The fields are as follows:

timestamp, unit
As described in Basic structure.
register-name

The name of the register being updated. This can be a general-purpose integer register, a floating-point register, a vector register, or a system register.

The list of names is therefore open-ended, evolving with the Arm architecture. Tarmac Trace Utilities recognizes the following names:

r0,...,r15 The AArch32 core registers.

x0,...,x30

e0,...,e30

The 64-bit AArch64 core registers.
w0,...,w30 The 32-bit AArch64 core registers. In some variants of Tarmac these are also used to report register updates in 32-bit code (via the architecturally defined correspondence between the AArch32 and AArch64 registers).
s0,...,s31 The single-precision floating-point registers.
d0,...,d31 The double-precision floating-point registers.

v0,...,v31

q0,...,q31

The 128-bit NEON vector registers. These can also be the MVE vector registers.
xsp The AArch64 stack pointer.
wsp The bottom 32 bits of the AArch64 stack pointer.
msp An alias for the AArch32 stack pointer, r13.
lr An alias for the AArch32 link register, r14.
sp Can mean r13, or the AArch64 stack pointer, depending on the size of contents in the register update line.

psr

cpsr

The processor status register, including the condition flags.
fpsr The AArch64 floating-point status register.
fpcr The AArch64 floating-point control register.
fpscr The AArch32 combined floating-point status and control register.
vpr The Arm v8.1-M MVE vector predicate register.

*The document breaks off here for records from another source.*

(* If $\Lambda$ is a Legendrian knot with $4|\operatorname{rot}(\Lambda)|+\operatorname{tb}(\Lambda)\ge 0$, then $$m(\Lambda)\ge\left\lceil\sqrt{4|\operatorname{rot}(\Lambda)|+\operatorname{tb}(\Lambda)}\right\rceil.$$
   Context: Legendrian knots are taken in the standard contact structure on $\mathbb{R}^3$ and represented by front ($xz$-) projections, which have cusps in place of vertical tangencies and in which the strand of more negative slope is the overstrand at every crossing. For an oriented front with $P$ positive crossings, $N$ negative crossings, $C$ cusps, $D$ downward-oriented and $U$ upward-oriented cusps, the Thurston–Bennequin number is $\operatorname{tb}=P-N-\frac12C$ and the rotation number is $\operatorname{rot}=\frac12(D-U)$ (Legendrian isotopy invariants; the sign of $\operatorname{rot}$ depends on orientation). Legendrian mosaic tiles: a square tile whose four edge midpoints are potential connection points; the tiles are $T_0$ (empty); $T_1,\dots,T_4$ (a single arc joining midpoints of two adjacent edges, one per pair of adjacent edges); $T_5,T_6$ (a segment joining midpoints of opposite edges); $T_7,T_8$ (two disjoint arcs each joining adjacent edges, using all four midpoints); $T_{10}$ (two crossing segments joining opposite edges). A Legendrian $n$-mosaic is an $n\times n$ array of these tiles with the array rotated $45^\circ$ counterclockwise so the strands form a front diagram (after rotation $T_2$, $T_4$ contain one cusp and $T_8$ two cusps; $T_1,T_3,T_7$ contain none; in $T_{10}$ the negative-slope strand is over). It is suitably connected if connection points agree across shared edges and none lies on the outer boundary. The mosaic number $m(\Lambda)$ of a Legendrian knot $\Lambda$ is the smallest $n$ such that some suitably connected Legendrian $n$-mosaic depicts a front of a Legendrian knot Legendrian isotopic to $\Lambda$. *)

From Stdlib Require Import Reals List Arith Bool.
Import ListNotations.
(* Let $m,k\in\mathbb{N}$ and let $\gamma\in\mathbb{C}$ with $\gamma,\ 1-2m-\gamma\notin\mathbb{Z}_0^-$. Then \[ {}_3F_2\left[\begin{array}{r} -2m,\ 1+k,\ \gamma;\\ -2m-k,\ 1-2m-\gamma;\end{array}1\right]_{2m}=\frac{(1+k)_{m}(\gamma)_{m}2^{2m}\left(\frac{1}{2}\right)_m(1+k+\gamma)_{2m}}{(1+k)_{2m}(\gamma)_{2m}(1+k+\gamma)_{m}}. \]
   Context: $\mathbb{N}=\{1,2,3,\dots\}$, $\mathbb{Z}_0^-=\{0,-1,-2,\dots\}$. For $a\in\mathbb{C}$ and $n\in\mathbb{N}_0$, $(a)_0=1$ and $(a)_n=a(a+1)\cdots(a+n-1)$. For $N\in\mathbb{N}_0$, ${}_3F_2\left[\begin{array}{r} a_1,a_2,a_3;\\ b_1,b_2;\end{array}z\right]_N=\sum_{n=0}^{N}\frac{(a_1)_n(a_2)_n(a_3)_n}{(b_1)_n(b_2)_n}\frac{z^n}{n!}$ (the sum of the first $N+1$ terms), defined whenever $(b_1)_n(b_2)_n\neq0$ for $0\le n\le N$. *)

From HB Require Import structures.
From mathcomp Require Import all_boot all_order all_algebra.
From mathcomp Require Import complex.
Set Implicit Arguments. Unset Strict Implicit. Unset Printing Implicit Defensive.
Import Order.TTheory GRing.Theory Num.Theory.
Local Open Scope ring_scope.

Definition poch {F : nzRingType} (a : F) (n : nat) : F :=
  \prod_(i < n) (a + i%:R).

Definition F32_trunc {F : fieldType} (a1 a2 a3 b1 b2 z : F) (N : nat) : F :=
  \sum_(n < N.+1)
    (poch a1 n * poch a2 n * poch a3 n) / (poch b1 n * poch b2 n)
      * z ^+ n / (n`!)%:R.

Definition notin_Z0neg {F : nzRingType} (z : F) : Prop :=
  forall n : nat, z <> - (n%:R).

(* The reflection (1 - N - a)_n = (-1)^n (a + N - n)_n turns the n-th term
   of the truncated series into (2m)!/((x)_2m (y)_2m) (-1)^n u(n) u(2m-n),
   where x = 1+k, y = gamma and u(n) = (x)_n (y)_n / n!.  The alternating
   convolution T(N) = sum_n (-1)^n u(n) u(N-n) satisfies
   T(2m+2) = rho(m) T(2m) for an explicit rational rho, proved by a
   Zeilberger certificate, whence T(2m) = (x)_m (y)_m (x+y+m)_m / m!.
   Legendre's duplication (2m)! = 4^m (1/2)_m m! gives the stated form. *)

From HB Require Import structures.
From mathcomp Require Import all_boot all_order all_algebra.
From mathcomp Require Import complex.
From mathcomp Require Import reals.
From mathcomp Require Import ring zify.
Set Implicit Arguments.
Unset Strict Implicit.
Unset Printing Implicit Defensive.
Import GRing.Theory Num.Theory.
Local Open Scope ring_scope.

Section Pochhammer.
Variable R : nzRingType.
Implicit Types a : R.

Lemma poch0 a : poch a 0 = 1.
Proof. by rewrite /poch big_ord0. Qed.

Lemma pochS a n : poch a n.+1 = poch a n * (a + n%:R).
Proof. by rewrite /poch big_ord_recr. Qed.

Lemma poch1 a : poch a 1 = a.
Proof. by rewrite pochS poch0 mul1r addr0. Qed.

Lemma poch_add a p n : poch a (p + n) = poch a p * poch (a + p%:R) n.
Proof.
elim: n => [|n IHn]; first by rewrite addn0 poch0 mulr1.
by rewrite addnS !pochS IHn natrD addrA mulrA.
Qed.

Lemma poch1n n : poch (1 : R) n = n`!%:R.
Proof.
elim: n => [|n IHn]; first by rewrite poch0 fact0.
by rewrite pochS IHn factS mulnC natrM nat1r.
Qed.

End Pochhammer.

Lemma poch_opp_rev (R : comNzRingType) (a : R) j n :
  poch (1 - (j + n)%:R - a) n = (-1) ^+ n * poch (a + j%:R) n.
Proof.
have -> : (-1) ^+ n = (-1) ^+ #|'I_n| :> R by rewrite card_ord.
rewrite /poch -prodrN (reindex_inj rev_ord_inj) /=.
apply: eq_bigr => -[i lt_in] _; rewrite /= natrB ?natrD //.
by rewrite -natr1; ring.
Qed.

Lemma poch_neq0 (R : idomainType) (a : R) n :
  (forall i, a + i%:R != 0) -> poch a n != 0.
Proof. by move=> a_neq0; apply/prodf_neq0 => i _; apply: a_neq0. Qed.

Section NatCastNonzero.
Variable R : numDomainType.

Lemma natS_neq0 n : n.+1%:R != 0 :> R.
Proof. by rewrite pnatr_eq0. Qed.

Lemma fact_neq0 n : n`!%:R != 0 :> R.
Proof. by rewrite pnatr_eq0 -lt0n fact_gt0. Qed.

End NatCastNonzero.

Lemma exp2_poch_half (R : numFieldType) m :
  2 ^+ (2 * m) * poch (2^-1 : R) m = (2 * m)`!%:R / m`!%:R.
Proof.
elim: m => [|m IHm]; first by rewrite muln0 expr0 poch0 fact0 mulr1 divr1.
have -> : (2 * m.+1 = (2 * m).+2)%N by lia.
rewrite !exprS pochS.
transitivity (4 * (2 ^+ (2 * m) * poch 2^-1 m) * (2^-1 + m%:R) : R); first by ring.
rewrite IHm !factS !natrM -!natr1 natrM.
by field; rewrite fact_neq0 natr1 natS_neq0.
Qed.

Section AlternatingConvolution.
Variable K : numFieldType.
Variables x y : K.

Definition hterm n : K := poch x n * poch y n / n`!%:R.

Definition altterm N n : K := (-1) ^+ n * hterm n * hterm (N - n).

Definition altconv N : K := \sum_(n < N.+1) altterm N n.

Lemma hterm0 : hterm 0 = 1.
Proof. by rewrite /hterm !poch0 fact0 mulr1 divr1. Qed.

Lemma htermS n : hterm n.+1 = hterm n * (x + n%:R) * (y + n%:R) / n.+1%:R.
Proof.
rewrite /hterm !pochS factS natrM.
by field; rewrite nat1r natS_neq0 fact_neq0.
Qed.

(* Ratio and certificate found by Zeilberger's algorithm for the summand
   [altterm (2 * m) n], stepping [m] to [m + 1]. *)
Definition altconv_ratio (M : K) : K :=
  (x + M) * (y + M) * (x + y + 2 * M) * (x + y + 2 * M + 1)
  / ((M + 1) * (x + y + M)).

Definition altconv_cert_poly (M t : K) : K :=
  t ^+ 2 - (6 * M + 3 + 2 * (x + y)) * t
  + (2 + 3 * y + y ^+ 2 + 3 * x + 2 * x * y - x * y ^+ 2 + x ^+ 2 - x ^+ 2 * y
     + 11 * M + 9 * M * y + 9 * M * x - M * x * y + 18 * M ^+ 2
     + 4 * M ^+ 2 * y + 4 * M ^+ 2 * x + 8 * M ^+ 3) / (M + 1).

Definition altconv_cert m n : K :=
  altterm (2 * m + 1) n * n%:R * altconv_cert_poly m%:R n%:R
  / (2 * (x + y + m%:R) * (2 * m + 2 - n)%:R).

Lemma altterm_telescope m n : (n <= 2 * m)%N -> x + y + m%:R != 0 ->
  altterm (2 * m).+2 n
  = altconv_ratio m%:R * altterm (2 * m) n
    + (altconv_cert m n.+1 - altconv_cert m n).
Proof.
move=> le_n2m xym_neq0; rewrite /altconv_cert /altterm.
set j := (2 * m - n)%N.
have -> : ((2 * m).+2 - n = j.+2)%N by rewrite /j; lia.
have -> : (2 * m + 1 - n.+1 = j)%N by rewrite /j; lia.
have -> : (2 * m + 2 - n.+1 = j.+1)%N by rewrite /j; lia.
have -> : (2 * m + 1 - n = j.+1)%N by rewrite /j; lia.
have -> : (2 * m + 2 - n = j.+2)%N by rewrite /j; lia.
have jE : j%:R = 2 * m%:R - n%:R :> K by rewrite /j natrB ?natrM //; lia.
rewrite !htermS exprS -!natr1 jE /altconv_cert_poly /altconv_ratio.
by field; rewrite -jE !natr1 !natS_neq0 xym_neq0.
Qed.

Lemma altconv_double_step m : x + y + m%:R != 0 ->
  altconv (2 * m.+1) = altconv_ratio m%:R * altconv (2 * m).
Proof.
move=> xym_neq0; have -> : (2 * m.+1 = (2 * m).+2)%N by lia.
rewrite /altconv 2!big_ord_recr /=.
rewrite (eq_bigr _ (fun (i : 'I_(2 * m).+1) _ =>
  altterm_telescope (ltn_ord i) xym_neq0)) big_split /= -mulr_sumr.
rewrite -(big_mkord xpredT (fun i => altconv_cert m i.+1 - altconv_cert m i)).
rewrite telescope_sumr // -[RHS]addr0 -!addrA; congr (_ + _).
have -> : altconv_cert m 0 = 0 by rewrite /altconv_cert !(mulr0, mul0r).
rewrite oppr0 add0r /altconv_cert /altterm.
have -> : (2 * m + 1 - (2 * m).+1 = 0)%N by lia.
have -> : (2 * m + 2 - (2 * m).+1 = 1)%N by lia.
rewrite subnn subSnn !htermS !hterm0 !exprS.
have -> : (-1) ^+ (2 * m) = 1 :> K by rewrite mulnC exprM sqrr_sign.
rewrite -!natr1 natrM /altconv_cert_poly.
by field; rewrite -natrM !natr1 !natS_neq0 xym_neq0.
Qed.

Lemma altconv_double m : (forall j, x + y + j%:R != 0) ->
  altconv (2 * m) = poch x m * poch y m * poch (x + y + m%:R) m / m`!%:R.
Proof.
move=> xy_neq0; elim: m => [|m IHm].
  by rewrite /altconv big_ord1 /altterm hterm0 expr0 !poch0 !mul1r fact0 invr1.
rewrite altconv_double_step // IHm.
have shiftE : poch (x + y + m.+1%:R) m.+1
    = poch (x + y + m%:R) m * (x + y + m%:R + m%:R) * (x + y + m%:R + m.+1%:R)
      / (x + y + m%:R).
  rewrite -!pochS -[m.+2]/(1 + m.+1)%N poch_add poch1.
  by rewrite -[x + y + m%:R + 1]addrA natr1 mulrAC divff ?mul1r.
rewrite shiftE !pochS factS natrM /altconv_ratio -!natr1.
by field; rewrite fact_neq0 natr1 natS_neq0 xy_neq0.
Qed.

End AlternatingConvolution.

Lemma F32_trunc_altconv (K : numFieldType) (x y : K) N :
  (forall i, x + i%:R != 0) -> (forall i, y + i%:R != 0) ->
  F32_trunc (- N%:R) x y (1 - N%:R - x) (1 - N%:R - y) 1 N
  = N`!%:R / (poch x N * poch y N) * altconv x y N.
Proof.
move=> x_neq0 y_neq0; rewrite /F32_trunc /altconv mulr_sumr.
apply: eq_bigr => -[n /=]; rewrite ltnS => le_nN _.
have [j ->] : exists j, N = (j + n)%N by exists (N - n)%N; rewrite subnK.
have shift_neq0 (a : K) :
    (forall i, a + i%:R != 0) -> forall i, a + j%:R + i%:R != 0.
  by move=> a_neq0 i; rewrite -addrA -natrD.
rewrite {1}(_ : - (j + n)%:R = 1 - (j + n)%:R - 1); last first.
  by rewrite addrAC subrr add0r.
rewrite !poch_opp_rev /altterm /hterm addnK -[(j + n)`!%:R]poch1n !poch_add.
rewrite poch1n expr1n [(_ ^+ n * _) * (_ ^+ n * _)]mulrACA -expr2 sqrr_sign mul1r.
by field; rewrite !fact_neq0 !(poch_neq0 _ x_neq0, poch_neq0 _ y_neq0)
  !(poch_neq0 _ (shift_neq0 _ x_neq0), poch_neq0 _ (shift_neq0 _ y_neq0)).
Qed.

Local Open Scope complex_scope.

Theorem mainTheorem10 (R : realType) (m k : nat) (gamma : R[i])
  (hm : (0 < m)%N) (hk : (0 < k)%N)
  (hg : notin_Z0neg gamma)
  (hg' : notin_Z0neg (1 - (2 * m)%:R - gamma)) :
  F32_trunc (- (2 * m)%:R) (1 + k%:R) gamma
            (- (2 * m)%:R - k%:R) (1 - (2 * m)%:R - gamma) 1 (2 * m)
  = (poch (1 + k%:R) m * poch gamma m * 2 ^+ (2 * m) * poch (2^-1) m
       * poch (1 + k%:R + gamma) (2 * m))
    / (poch (1 + k%:R) (2 * m) * poch gamma (2 * m) * poch (1 + k%:R + gamma) m).
Proof.
set x : R[i] := 1 + k%:R.
have x_neq0 i : x + i%:R != 0 by rewrite /x nat1r -natrD pnatr_eq0.
have g_neq0 i : gamma + i%:R != 0 by rewrite addr_eq0; apply/eqP/hg.
have xg_neq0 i : x + gamma + i%:R != 0.
  by rewrite (_ : _ + i%:R = gamma + (k.+1 + i)%:R) // /x natrD -nat1r; ring.
rewrite (_ : - (2 * m)%:R - k%:R = 1 - (2 * m)%:R - x); last by rewrite /x; ring.
rewrite F32_trunc_altconv // altconv_double //.
rewrite -(mulrA _ (2 ^+ _)) exp2_poch_half.
rewrite (_ : poch (x + gamma) (2 * m) = poch (x + gamma) m * poch (x + gamma + m%:R) m).
  by field; rewrite !fact_neq0
    !(poch_neq0 _ x_neq0, poch_neq0 _ g_neq0, poch_neq0 _ xg_neq0).
by rewrite -poch_add addnn mul2n.
Qed.
(* For every $\varepsilon>0$ there exists a setting with two items and two unit-demand agents whose valuations satisfy single-crossing, such that every (randomized) ex-post IC mechanism has, at some signal profile, expected welfare at most $\big(\frac{2+\sqrt2}{4}+\varepsilon\big)$ times the optimal welfare.
   Context: Two agents, items $a,b$; each agent has a scalar signal in $\{0,1\}$; values $v_{ij}(\mathbf{s})\ge0$ for item $j$ are public functions of the profile; unit demand means the value for a bundle $T$ is $\max_{j\in T}v_{ij}(\mathbf{s})$. Single-crossing: for every agent $i$, $\mathbf{s}_{-i}$, item $j$, agent $\ell$, and $s_i<s_i'$, $v_{ij}(s_i',\mathbf{s}_{-i})-v_{ij}(s_i,\mathbf{s}_{-i})\ge v_{\ell j}(s_i',\mathbf{s}_{-i})-v_{\ell j}(s_i,\mathbf{s}_{-i})$. A randomized mechanism assigns probabilities $x_{iT}(\mathbf{s})$ to feasible allocations and expected payments; ex-post IC means truthful reporting maximizes expected utility (expected true value minus expected payment) at every true profile when others report truthfully. *)

From Stdlib Require Import Reals List.
Import ListNotations.
Open Scope R_scope.

Inductive agent := Ag1 | Ag2.
Inductive item := ItA | ItB.

Definition agent_eqb (i j : agent) : bool :=
  match i, j with Ag1, Ag1 | Ag2, Ag2 => true | _, _ => false end.

(** A signal profile: each agent's signal in {0,1} (false = 0, true = 1). *)
Definition profile := agent -> bool.

Definition upd (s : profile) (i : agent) (b : bool) : profile :=
  fun j => if agent_eqb j i then b else s j.

Definition valuation := agent -> item -> profile -> R.

(** A bundle T ⊆ {a,b}: (a ∈ T, b ∈ T). *)
Definition bundle := (bool * bool)%type.
Definition all_bundles : list bundle :=
  [(false,false); (true,false); (false,true); (true,true)].

Definition alloc := (bundle * bundle)%type.
Definition all_allocs : list alloc := list_prod all_bundles all_bundles.

Definition feasible (A : alloc) : bool :=
  negb (fst (fst A) && fst (snd A)) && negb (snd (fst A) && snd (snd A)).

Definition bundle_of (i : agent) (A : alloc) : bundle :=
  match i with Ag1 => fst A | Ag2 => snd A end.

(** Unit demand: value of T is max_{j in T} v_{ij}(s) (0 for the empty bundle;
    values are nonnegative). *)
Definition bval (v : valuation) (i : agent) (T : bundle) (s : profile) : R :=
  Rmax (if fst T then v i ItA s else 0) (if snd T then v i ItB s else 0).

Definition lsum {X} (f : X -> R) (l : list X) : R :=
  fold_right (fun a acc => f a + acc) 0 l.

Definition nonneg_vals (v : valuation) : Prop :=
  forall i j s, 0 <= v i j s.

(** Single crossing (signals binary, so s_i < s_i' means false < true). *)
Definition single_crossing (v : valuation) : Prop :=
  forall (i : agent) (s : profile) (j : item) (l : agent),
    v i j (upd s i true) - v i j (upd s i false)
    >= v l j (upd s i true) - v l j (upd s i false).

(** A randomized mechanism: x r A = probability of allocation A at reported
    profile r; p i r = expected payment of agent i at reported profile r. *)
Definition alloc_rule := profile -> alloc -> R.
Definition pay_rule := agent -> profile -> R.

Definition valid_alloc_rule (x : alloc_rule) : Prop :=
  (forall r A, 0 <= x r A) /\
  (forall r A, feasible A = false -> x r A = 0) /\
  (forall r, lsum (x r) all_allocs = 1).

Definition exp_util (v : valuation) (x : alloc_rule) (p : pay_rule)
  (i : agent) (s r : profile) : R :=
  lsum (fun A => x r A * bval v i (bundle_of i A) s) all_allocs - p i r.

Definition expost_IC (v : valuation) (x : alloc_rule) (p : pay_rule) : Prop :=
  forall (i : agent) (s : profile) (b : bool),
    exp_util v x p i s s >= exp_util v x p i s (upd s i b).

Definition welfare (v : valuation) (A : alloc) (s : profile) : R :=
  bval v Ag1 (bundle_of Ag1 A) s + bval v Ag2 (bundle_of Ag2 A) s.

Definition exp_welfare (v : valuation) (x : alloc_rule) (s : profile) : R :=
  lsum (fun A => x s A * welfare v A s) all_allocs.

(** Optimal welfare: max over feasible allocations (the empty allocation is
    feasible with welfare 0, so starting the fold at 0 is harmless). *)
Definition opt_welfare (v : valuation) (s : profile) : R :=
  fold_right (fun A m => Rmax (welfare v A s) m) 0
    (filter feasible all_allocs).

(* Agent 2's signal is irrelevant;
   agent 1's signal s1 moves the efficient allocation:
     s1 = 0 :  v1 = (A:5, B:3),  v2 = (A:5, B:0),  optimum 8 = agent 1 gets B;
     s1 = 1 :  v1 = (A:5, B:4),  v2 = (A:0, B:1),  optimum 6 = agent 1 gets A.
   Raising s1 increases agent 1's value for B alone by 1 and leaves every
   other bundle's value unchanged.

   Structure of the file.
   1. Linearity and monotonicity facts about the finite sums [lsum].
   2. Weak monotonicity, valid for every instance: adding the two ex-post IC
      constraints of agent i between s_i = 0 and s_i = 1 shows that the
      expected gain of agent i from raising its signal, under the lottery
      chosen at s_i = 1, is at least that under the lottery chosen at s_i = 0.
   3. Expected welfare is bounded by any affine function bounding the
      welfare of each feasible allocation.
   4. On the instance, writing q_L, q_H for the probability that agent 1 gets
      exactly {B} at s1 = 0, 1: monotonicity gives q_L <= q_H, while the
      welfares are at most 5 + 3 q_L (out of 8) and 6 - 2 q_H (out of 6).
      Hence one of the two ratios is at most 14/17, which is below
      (2 + sqrt 2)/4; this yields the theorem (with a margin, for every eps). *)

From Stdlib Require Import Reals Lra Psatz FunctionalExtensionality.
Open Scope R_scope.

Lemma lsum_mult_minus {X} (f g h : X -> R) (l : list X) :
  lsum (fun a => f a * (g a - h a)) l =
  lsum (fun a => f a * g a) l - lsum (fun a => f a * h a) l.
Proof. induction l as [|a l IH]; simpl; [ring | rewrite IH; ring]. Qed.

Lemma lsum_affine {X} (f g : X -> R) (a b : R) (l : list X) :
  lsum (fun x => f x * (a + b * g x)) l =
  a * lsum f l + b * lsum (fun x => f x * g x) l.
Proof. induction l as [|y l IH]; simpl; [ring | rewrite IH; ring]. Qed.

Lemma lsum_le {X} (f g : X -> R) (l : list X) :
  (forall a, f a <= g a) -> lsum f l <= lsum g l.
Proof. intros Hfg; induction l as [|a l IH]; simpl; [lra | specialize (Hfg a); lra]. Qed.

Lemma upd_upd (s : profile) (i : agent) (b b' : bool) :
  upd (upd s i b) i b' = upd s i b'.
Proof.
  apply functional_extensionality; intros j; unfold upd.
  destruct (agent_eqb j i); reflexivity.
Qed.

Definition gain (v : valuation) (i : agent) (s : profile) (A : alloc) : R :=
  bval v i (bundle_of i A) (upd s i true) - bval v i (bundle_of i A) (upd s i false).

(* Summing the IC constraint of the high type against misreporting low and
   that of the low type against misreporting high cancels the payments. *)
Lemma IC_weak_monotone (v : valuation) (x : alloc_rule) (p : pay_rule)
  (i : agent) (s : profile) :
  expost_IC v x p ->
  lsum (fun A => x (upd s i false) A * gain v i s A) all_allocs <=
  lsum (fun A => x (upd s i true) A * gain v i s A) all_allocs.
Proof.
  intros HIC.
  pose proof (HIC i (upd s i true) false) as high_no_lie.
  pose proof (HIC i (upd s i false) true) as low_no_lie.
  rewrite !upd_upd in high_no_lie, low_no_lie.
  unfold exp_util in *; unfold gain; rewrite !lsum_mult_minus; lra.
Qed.

(* Only feasible allocations carry probability, so a pointwise bound on
   feasible allocations bounds the expectation. *)
Lemma exp_welfare_le_affine (v : valuation) (x : alloc_rule) (s : profile)
  (a b : R) (g : alloc -> R) :
  valid_alloc_rule x ->
  (forall A, feasible A = true -> welfare v A s <= a + b * g A) ->
  exp_welfare v x s <= a + b * lsum (fun A => x s A * g A) all_allocs.
Proof.
  intros [Hnn [Hinfeas Hsum]] Hbound.
  unfold exp_welfare.
  apply Rle_trans with (lsum (fun A => x s A * (a + b * g A)) all_allocs).
  - apply lsum_le; intros A.
    destruct (feasible A) eqn:HA.
    + apply Rmult_le_compat_l; auto.
    + rewrite (Hinfeas s A HA); lra.
  - rewrite lsum_affine, Hsum; lra.
Qed.

Definition vex : valuation := fun i j s =>
  match i, j with
  | Ag1, ItA => 5
  | Ag1, ItB => if s Ag1 then 4 else 3
  | Ag2, ItA => if s Ag1 then 0 else 5
  | Ag2, ItB => if s Ag1 then 1 else 0
  end.

Definition gets_only_B (A : alloc) : R :=
  match bundle_of Ag1 A with (false, true) => 1 | _ => 0 end.

Ltac eval_Rmax :=
  repeat match goal with
  | |- context [Rmax ?a ?b] =>
      first [rewrite (Rmax_left a b) by lra | rewrite (Rmax_right a b) by lra]
  end.

Lemma vex_nonneg : nonneg_vals vex.
Proof. intros i j s; destruct i, j; simpl; destruct (s Ag1); lra. Qed.

Lemma vex_single_crossing : single_crossing vex.
Proof. intros i s j l; destruct i, j, l; cbn; destruct (s Ag1); lra. Qed.

Lemma vex_gain (s : profile) : gain vex Ag1 s = gets_only_B.
Proof.
  apply functional_extensionality; intros [[[] []] T2];
    unfold gain, gets_only_B, bval; cbn; eval_Rmax; lra.
Qed.

Lemma vex_welfare_low (s : profile) (A : alloc) : feasible A = true ->
  welfare vex A (upd s Ag1 false) <= 5 + 3 * gets_only_B A.
Proof.
  destruct A as [[[] []] [[] []]]; intros HA; try discriminate HA;
    unfold welfare, gets_only_B, bval; cbn; eval_Rmax; lra.
Qed.

Lemma vex_welfare_high (s : profile) (A : alloc) : feasible A = true ->
  welfare vex A (upd s Ag1 true) <= 6 + -2 * gets_only_B A.
Proof.
  destruct A as [[[] []] [[] []]]; intros HA; try discriminate HA;
    unfold welfare, gets_only_B, bval; cbn; eval_Rmax; lra.
Qed.

Lemma vex_opt_low (s : profile) : opt_welfare vex (upd s Ag1 false) = 8.
Proof. unfold opt_welfare, welfare, bval; cbn; eval_Rmax; lra. Qed.

Lemma vex_opt_high (s : profile) : opt_welfare vex (upd s Ag1 true) = 6.
Proof. unfold opt_welfare, welfare, bval; cbn; eval_Rmax; lra. Qed.

Lemma vex_ratio (x : alloc_rule) (p : pay_rule) :
  valid_alloc_rule x -> expost_IC vex x p ->
  exists s : profile,
    0 < opt_welfare vex s /\ exp_welfare vex x s <= 14 / 17 * opt_welfare vex s.
Proof.
  intros Hx HIC.
  set (s0 := fun _ : agent => false).
  set (qL := lsum (fun A => x (upd s0 Ag1 false) A * gets_only_B A) all_allocs).
  set (qH := lsum (fun A => x (upd s0 Ag1 true) A * gets_only_B A) all_allocs).
  assert (mono : qL <= qH).
  { pose proof (IC_weak_monotone vex x p Ag1 s0 HIC) as H.
    rewrite vex_gain in H; exact H. }
  assert (WL := exp_welfare_le_affine vex x _ 5 3 _ Hx (vex_welfare_low s0)).
  assert (WH := exp_welfare_le_affine vex x _ 6 (-2) _ Hx (vex_welfare_high s0)).
  fold qL in WL; fold qH in WH.
  destruct (Rle_dec (exp_welfare vex x (upd s0 Ag1 false)) (14 / 17 * 8)).
  - exists (upd s0 Ag1 false); rewrite vex_opt_low; lra.
  - exists (upd s0 Ag1 true); rewrite vex_opt_high; lra.
Qed.

(* 14/17 lies below the target constant, since (22/17)^2 < 2. *)
Lemma ratio_below_target : 14 / 17 <= (2 + sqrt 2) / 4.
Proof.
  pose proof (sqrt_sqrt 2 ltac:(lra)); pose proof (sqrt_pos 2); nra.
Qed.

Theorem mainTheorem13 :
  forall eps : R, 0 < eps ->
  exists v : valuation,
    nonneg_vals v /\ single_crossing v /\
    forall (x : alloc_rule) (p : pay_rule),
      valid_alloc_rule x -> expost_IC v x p ->
      exists s : profile,
        0 < opt_welfare v s /\
        exp_welfare v x s <= ((2 + sqrt 2) / 4 + eps) * opt_welfare v s.
Proof.
  intros eps Heps.
  exists vex; split; [exact vex_nonneg | split; [exact vex_single_crossing |]].
  intros x p Hx HIC.
  destruct (vex_ratio x p Hx HIC) as [s [Hopt Hle]].
  exists s; split; [exact Hopt |].
  pose proof ratio_below_target.
  apply Rle_trans with (14 / 17 * opt_welfare vex s); [exact Hle |].
  apply Rmult_le_compat_r; lra.
Qed.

Sometimes one of the above names is followed by _ and a suffix, indicating which instance of a register is being updated. For example, in AArch32, the stack pointer might be shown as r13_svc to indicate which of the banked versions of r13 is meant.

Many other register names are also used by lines of this form. Tarmac Trace Utilities does not model those registers in its indexing, so it ignores updates to them.

Register names are case-insensitive.

extra-info

Sometimes the register name is followed by a parenthesized word giving additional information. In some variants of Tarmac, this is a different way to indicate which of a set of banked registers is being accessed. It might also indicate the AArch32 or AArch64 version of a system register.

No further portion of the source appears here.